▸ **Stored data entries**

(* If $n\ge2$ and $q$ is a nonnegative integer with $q<\frac{n}{\log(n+1)+1}-1$, then $(1-1/e)(q+1)^n\le A(n,q)\le(q+1)^n$.
   Context: $A(n,q)$ is the Eulerian number, the number of permutations of $\{1,\dots,n\}$ with exactly $q$ ascents, with $A(n,q)=0$ if $q\ge n$; $\log$ is the natural logarithm. *)

From mathcomp Require Import all_boot all_fingroup.
From Stdlib Require Import Reals.

Set Implicit Arguments. Unset Strict Implicit. Unset Printing Implicit Defensive.

(* Number of ascents of a permutation s of {0,...,n-1} (standing for {1,...,n}):
   positions i with i+1 < n and s(i) < s(i+1),
   encoded as the pairs (i, i+1) of indices in 'I_n. *)
Definition ascents (n : nat) (s : 'S_n) : nat :=
  #|[set ij : 'I_n * 'I_n | (ij.2 == ij.1.+1 :> nat) && (s ij.1 < s ij.2)]|.

Definition eulerian (n q : nat) : nat :=
  #|[set s : 'S_n | ascents s == q]|.

From mathcomp Require Import all_boot all_fingroup zify.
From Stdlib Require Import Reals Lra.
(* Reals rebinds [^] on nat to [Nat.pow]; restore [expn]. *)
Import ssrnat.

Set Implicit Arguments. Unset Strict Implicit. Unset Printing Implicit Defensive.

(* A permutation s with q ascents is determined by its ascent code, which sends
   s(i) to the number of ascents of s before position i: listing the elements by
   increasing code, ties in decreasing order, gives back s. Hence
   A(n,q) <= (q+1)^n. Conversely, a map f : [n] -> [0,q] listed in this way is
   the ascent code of the resulting permutation unless f has slack at some
   j <= n: lowering by one all values at ranks >= j gives a map into [0,q-1]
   with the same listing. For each j lowering is injective, so
   (q+1)^n <= A(n,q) + (n+1) q^n. Finally x <= (x+1) exp(-1/(x+1)) and the bound
   on q give (n+1) q^n <= (n+1) (q+1)^n exp(-n/(q+1)) <= (q+1)^n / e. *)

Lemma card_set_sum (T : finType) (P : pred T) : #|[set x | P x]| = \sum_x P x.
Proof.
by rewrite -sum1dep_card big_mkcond; apply: eq_bigr => x _; case: (P x).
Qed.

▸ **The task**
Every line from the line containing "From mathcomp Require Import all_boot all_fingroup." through the line containing "#|[set s : 'S_n | ascents s == q]|." in the records above must be retyped exactly. Leave out the rest.

▸ **Written reply**
From mathcomp Require Import all_boot all_fingroup.
From Stdlib Require Import Reals.

Set Implicit Arguments. Unset Strict Implicit. Unset Printing Implicit Defensive.

(* Number of ascents of a permutation s of {0,...,n-1} (standing for {1,...,n}):
   positions i with i+1 < n and s(i) < s(i+1),
   encoded as the pairs (i, i+1) of indices in 'I_n. *)
Definition ascents (n : nat) (s : 'S_n) : nat :=
  #|[set ij : 'I_n * 'I_n | (ij.2 == ij.1.+1 :> nat) && (s ij.1 < s ij.2)]|.

Definition eulerian (n q : nat) : nat :=
  #|[set s : 'S_n | ascents s == q]|.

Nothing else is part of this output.